Polish-American applied mathematician

Justyna P. Zwolak is a Polish and American applied mathematician whose research applies machine learning to quantum computing, and particularly to the control theory, tuning, and state recognition of quantum dots. She works as a scientist at the National Institute of Standards and Technology, in its Applied and Computational Mathematics Division.

==Education and career==
Zwolak was educated at Nicolaus Copernicus University in Toruń, where she received a master's degree in 2007 and completed her Ph.D. in 2011.
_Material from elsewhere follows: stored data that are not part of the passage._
(* Let $\mathcal A\subseteq\mathrm{Mat}(\mathbb{Z}^D,p)$ be an invertible subalgebra with spread $\ell$, and let $\mathcal B$ be its commutant within $\mathrm{Mat}(\mathbb{Z}^D,p)$. Then both $\mathcal A$ and $\mathcal B$ are VS.
   Context: For $p:\mathbb{Z}^D\to\mathbb{Z}_{>0}$ and finite $S$, $\mathrm{Mat}(S,p)=\bigotimes_{s\in S}M_{p(s)}(\mathbb{C})$ with embeddings by tensoring identities; $\mathrm{Mat}(\mathbb{Z}^D,p)$ is the union. $\mathrm{Supp}(x)$ is the smallest finite $S$ with $x\in\mathrm{Mat}(S,p)$; $S^{+\ell}$ is the set of sites at $\ell_\infty$-distance at most $\ell$ from $S$. A unital $*$-subalgebra $\mathcal A$ is invertible with spread $\ell>0$ if every $x\in\mathrm{Mat}(\mathbb{Z}^D,p)$ is a finite sum $x=\sum_ia_ib_i$ with $a_i\in\mathcal A$, $b_i$ in the commutant of $\mathcal A$ within $\mathrm{Mat}(\mathbb{Z}^D,p)$, and $\mathrm{Supp}(a_i),\mathrm{Supp}(b_i)\subseteq\mathrm{Supp}(x)^{+\ell}$. A $*$-subalgebra $\mathcal C$ is VS if there is $\ell'>0$ such that for every $c\in\mathcal C\setminus\mathbb{C}\mathbf 1$ and every $s\in\mathrm{Supp}(c)$ there is $w\in\mathcal C\cap\mathrm{Mat}(\{s\}^{+\ell'},p)$ with $[c,w]\neq0$. *)

From HB Require Import structures.
From mathcomp Require Import all_boot all_order all_algebra finmap.
From mathcomp Require Import boolp classical_sets fsbigop reals.
From mathcomp Require Import complex.

Set Implicit Arguments.
Unset Strict Implicit.
Unset Printing Implicit Defensive.

Import Order.TTheory GRing.Theory Num.Theory.
Local Open Scope classical_set_scope.
Local Open Scope ring_scope.

Definition site (D : nat) := {ffun 'I_D -> int}.

Definition linf_dist (D : nat) (x y : site D) : nat :=
  \max_(i < D) `|x i - y i|%N.

Definition thicken (D : nat) (l : nat) (S : set (site D)) : set (site D) :=
  [set x | exists2 y, S y & (linf_dist x y <= l)%N].

(* Mat(Z^D,p) is realized (faithfully) as the algebra of
   local operators acting on the free vector space spanned by the finitely
   supported configurations sigma : Z^D -> N with sigma s < p s (reference
   state 0 at every site); i.e. |sigma> = (x)_s |sigma s>.  An operator is
   given by its matrix entries  x sigma tau = <sigma| x |tau>.               *)
Definition conf (D : nat) (p : site D -> nat) :=
  {sigma : {fsfun site D -> nat with 0%N} |
     all (fun s => (sigma s < p s)%N) (finsupp sigma)}.

Definition Op (R : rcfType) (D : nat) (p : site D -> nat) :=
  conf p -> conf p -> R[i].

Section Ops.
Variables (R : rcfType) (D : nat) (p : site D -> nat).
Local Notation C := R[i].
Local Notation Op := (@Op R D p).

Definition op_one : Op := fun s t => (s == t)%:R.
Definition op_add (x y : Op) : Op := fun s t => x s t + y s t.
Definition op_scale (a : C) (x : Op) : Op := fun s t => a * x s t.
(* matrix product; for local operators the sum has finite support *)
Definition op_mul (x y : Op) : Op :=
  fun s t => \sum_(r \in [set: conf p]) x s r * y r t.
Definition op_adj (x : Op) : Op := fun s t => (x t s)^*.
Definition op_comm (x y : Op) : Op :=
  fun s t => op_mul x y s t - op_mul y x s t.

(* x belongs to Mat(S,p) = (x)_{s in S} M_{p(s)}(C) (tensored with identities
   outside S): x is diagonal-identity off S and its entries only depend on the
   restrictions of the configurations to S. *)
Definition local_on (S : set (site D)) (x : Op) : Prop :=
  (forall s t : conf p, (exists2 k, ~ S k & val s k <> val t k) -> x s t = 0)
  /\ (forall s t s' t' : conf p,
        (forall k, S k -> val s k = val s' k /\ val t k = val t' k) ->
        (forall k, ~ S k -> val s k = val t k) ->
        (forall k, ~ S k -> val s' k = val t' k) ->
        x s t = x s' t').

Definition in_Mat (x : Op) : Prop := exists S : {fset site D}, local_on [set k | k \in S] x.

Definition Supp (x : Op) : set (site D) :=
  [set k | forall S : {fset site D}, local_on [set j | j \in S] x -> k \in S].

Definition unital_star_subalgebra (A : set Op) : Prop :=
  [/\ A `<=` in_Mat, A op_one,
      (forall x y, A x -> A y -> A (op_add x y)) /\
      (forall a x, A x -> A (op_scale a x)),
      (forall x y, A x -> A y -> A (op_mul x y)) &
      (forall x, A x -> A (op_adj x))].

Definition commutant (A : set Op) : set Op :=
  [set b | in_Mat b /\ forall a, A a -> op_mul a b = op_mul b a].
(* If $\mathcal C$ is a Baker class, then $\mathcal C^{(d)}$ is a Baker class for every integer $d\ge1$.
   Context: A layering of a graph $G$ is a function $\lambda:V(G)\to\mathbb{Z}$ with $|\lambda(u)-\lambda(v)|\le1$ for every edge $uv$; its width is $\sup_{i\in\mathbb Z}|\lambda^{-1}(i)|$. For $P\subseteq V(G)$, a layering $\lambda$ of $G[P]$ is $G$-geodesic if $d_G(x,y)\ge|\lambda(x)-\lambda(y)|$ for all $x,y\in P$ ($d_G$ the distance in $G$, $\infty$ between different components). An ordered graph is a finite graph with a linear ordering of its vertices; subgraphs inherit the restricted ordering. For an infinite sequence $\mathbf r=r_1,r_2,\dots$ of positive integers and an integer $s\ge0$, let $\mathrm{tail}_s(\mathbf r)=r_{s+1},r_{s+2},\dots$, $\mathrm{tail}(\mathbf r)=\mathrm{tail}_1(\mathbf r)$ and $\mathrm{head}(\mathbf r)=r_1$. The Baker game between Destroyer and Preserver has states $(G,\mathbf r)$ with $G$ an ordered graph and $\mathbf r$ an infinite sequence of positive integers. If $V(G)=\emptyset$ the game stops. Otherwise, in one round Destroyer chooses either Delete (the smallest vertex $v$ of $G$ is removed and the game proceeds to $(G-v,\mathrm{tail}(\mathbf r))$) or Restrict (Destroyer chooses a layering $\lambda$ of $G$, Preserver chooses an interval $I$ of at most $\mathrm{head}(\mathbf r)$ consecutive integers, and the game proceeds to $(G[\lambda^{-1}(I)],\mathrm{tail}(\mathbf r))$). Destroyer wins on $(G,\mathbf r)$ in $t$ rounds if he has a strategy such that, regardless of Preserver's choices, the game stops after at most $t$ rounds. A class $\mathcal C$ of ordered graphs is a Baker class if for every infinite sequence $\mathbf r$ of positive integers there is an integer $t$ such that for every $G\in\mathcal C$, Destroyer wins the Baker game on $(G,\mathbf r)$ in $t$ rounds. A partition $\mathcal P$ of an ordered graph $G$ (ordering $\prec$) is a sequence $P_1,\dots,P_m$ of pairwise disjoint sets with union $V(G)$ such that $u\prec v$ whenever $u\in P_i$, $v\in P_j$, $i<j$. It is width-$d$ geodesic if for each $i\in\{1,\dots,m\}$, $G[P_i]$ has a $G[P_i\cup P_{i+1}\cup\dots\cup P_m]$-geodesic layering of width at most $d$. $G/\mathcal P$ is the ordered graph obtained from $G$ by identifying the vertices of each part into a single vertex and suppressing loops and parallel edges, with vertices ordered as the sequence of parts. $\mathcal C^{(d)}$ is the class of ordered graphs $G$ having a width-$d$ geodesic partition $\mathcal P$ with $G/\mathcal P\in\mathcal C$. *)

From HB Require Import structures.
From mathcomp Require Import all_boot all_order all_algebra.
Set Implicit Arguments. Unset Strict Implicit. Unset Printing Implicit Defensive.
Import Order.TTheory GRing.Theory Num.Theory.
Next, she became a postdoctoral researcher in physics at Oregon State University from 2011 to 2014, in the STEM Transformation Institute of Florida International University from 2014 to 2017, and in the Institute for Advanced Computer Studies (UMIACS) Joint Center for Quantum of the University of Maryland, College Park from 2017 to 2019. In 2019 she joined the National Institute of Standards and Technology as a mathematician in its Applied and Computational Mathematics Division.

==Recognition==
With Jacob Taylor of NIST, Zwolak received the Department of Commerce Bronze Medal in 2024 "for pioneering the field of machine learning for quantum control". She was the 2024 recipient of the Washington Academy of Sciences Excellence in Research Award, "for outstanding contributions in the application of machine learning to the control of systems at the frontiers of quantum science and technology".

She was a 2025 recipient of the Presidential Early Career Award for Scientists and Engineers, "for breakthrough research combining machine learning, computer vision, and physics-based heuristics to calibrate and control quantum systems".